Stored records
━━━

Definition one_lam (A : algType Qv) (n : nat) (K Ki : nat -> A) (lam : nat -> nat) : A :=
  \prod_(1 <= i < n.+1) \prod_(1 <= s < (lam i).+1)
     ((qv ^ (s%:Z) - qv ^ (- s%:Z))^-1 *:
        (qv ^ (1 - s%:Z) *: K i - qv ^ (s%:Z - 1) *: Ki i)).

Definition omega (r : nat) : nat -> nat := fun i => if (1 <= i <= r)%N then 1%N else 0%N.

Definition one_omega (A : algType Qv) (n r : nat) (K Ki : nat -> A) : A :=
  one_lam n K Ki (omega r).

Definition zeta_s (A : algType Qv) (n r : nat) (E F K Ki : nat -> A) (j : nat) : A :=
  (qv *: (F j * E j) - 1) * one_omega n r K Ki.

Definition zeta_rho (A : algType Qv) (n r : nat) (E K Ki : nat -> A) : A :=
  (\prod_(r <= k < n) E k) * (\prod_(k <- rev (iota 1 r.-1)) E k)
    * E n * one_omega n r K Ki.

From HB Require Import structures.
From mathcomp Require Import all_boot all_order all_algebra.
From mathcomp Require Import fraction qpoly zify.
Set Implicit Arguments. Unset Strict Implicit. Unset Printing Implicit Defensive.
Import GRing.Theory.
Local Open Scope ring_scope.

(* Everything is a weight computation.  Each [K_i] is annihilated by
   [\prod_(j <= r) (K_i - v^j)], so the Lagrange idempotents of the commuting
   [K_i] split the algebra into joint eigenspaces.  On the one of weight [mu],
   [1_omega] acts by the product of the quantum integers [[mu_j]], [j <= r],
   which vanishes unless [mu_j >= 1] for [j <= r]; as [\prod_i K_i = v^r]
   forces [\sum_i mu_i = r], only [mu = omega] survives.  So [1_omega] has
   weight [omega] and fixes every vector of weight [omega].  The word of
   [zeta(T_rho)] has weight zero, hence both sides lose their inner [1_omega],
   and after moving [F_(i-1) E_(i-1)] and [F_i E_i] past the letters they commute
   with, what is left is a rank-two identity on [W = E_(i-2) ... E_1 E_n 1_omega],
   whose weight is [omega + eps_n - eps_(i-1)].  There, using
   [[E_j, F_j] = [mu_j - mu_(j+1)]] on vectors of weight [mu] and the vanishing of
   vectors having a weight entry [-1] ([v^-1] is not a root of the polynomial
   of [K_j]), both [F_(i-1) E_(i-1) E_i E_(i-1) W] and [E_i E_(i-1) F_i E_i W]
   equal [E_(i-1) E_i W]. *)

Lemma qv_neq0 : qv != 0.
Proof. by rewrite tofrac_eq0 polyX_eq0. Qed.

━━━

■ **GOAL OF THE EXERCISE**
Starting at the line above that holds "Definition one_omega (A" and ending at the line that holds "with, what is", transcribe each line exactly and include no other lines.

■ **ANSWER FOR THE TASK**
Definition one_omega (A : algType Qv) (n r : nat) (K Ki : nat -> A) : A :=
  one_lam n K Ki (omega r).

Definition zeta_s (A : algType Qv) (n r : nat) (E F K Ki : nat -> A) (j : nat) : A :=
  (qv *: (F j * E j) - 1) * one_omega n r K Ki.

Definition zeta_rho (A : algType Qv) (n r : nat) (E K Ki : nat -> A) : A :=
  (\prod_(r <= k < n) E k) * (\prod_(k <- rev (iota 1 r.-1)) E k)
    * E n * one_omega n r K Ki.

From HB Require Import structures.
From mathcomp Require Import all_boot all_order all_algebra.
From mathcomp Require Import fraction qpoly zify.
Set Implicit Arguments. Unset Strict Implicit. Unset Printing Implicit Defensive.
Import GRing.Theory.
Local Open Scope ring_scope.

(* Everything is a weight computation.  Each [K_i] is annihilated by
   [\prod_(j <= r) (K_i - v^j)], so the Lagrange idempotents of the commuting
   [K_i] split the algebra into joint eigenspaces.  On the one of weight [mu],
   [1_omega] acts by the product of the quantum integers [[mu_j]], [j <= r],
   which vanishes unless [mu_j >= 1] for [j <= r]; as [\prod_i K_i = v^r]
   forces [\sum_i mu_i = r], only [mu = omega] survives.  So [1_omega] has
   weight [omega] and fixes every vector of weight [omega].  The word of
   [zeta(T_rho)] has weight zero, hence both sides lose their inner [1_omega],
   and after moving [F_(i-1) E_(i-1)] and [F_i E_i] past the letters they commute
   with, what is left is a rank-two identity on [W = E_(i-2) ... E_1 E_n 1_omega],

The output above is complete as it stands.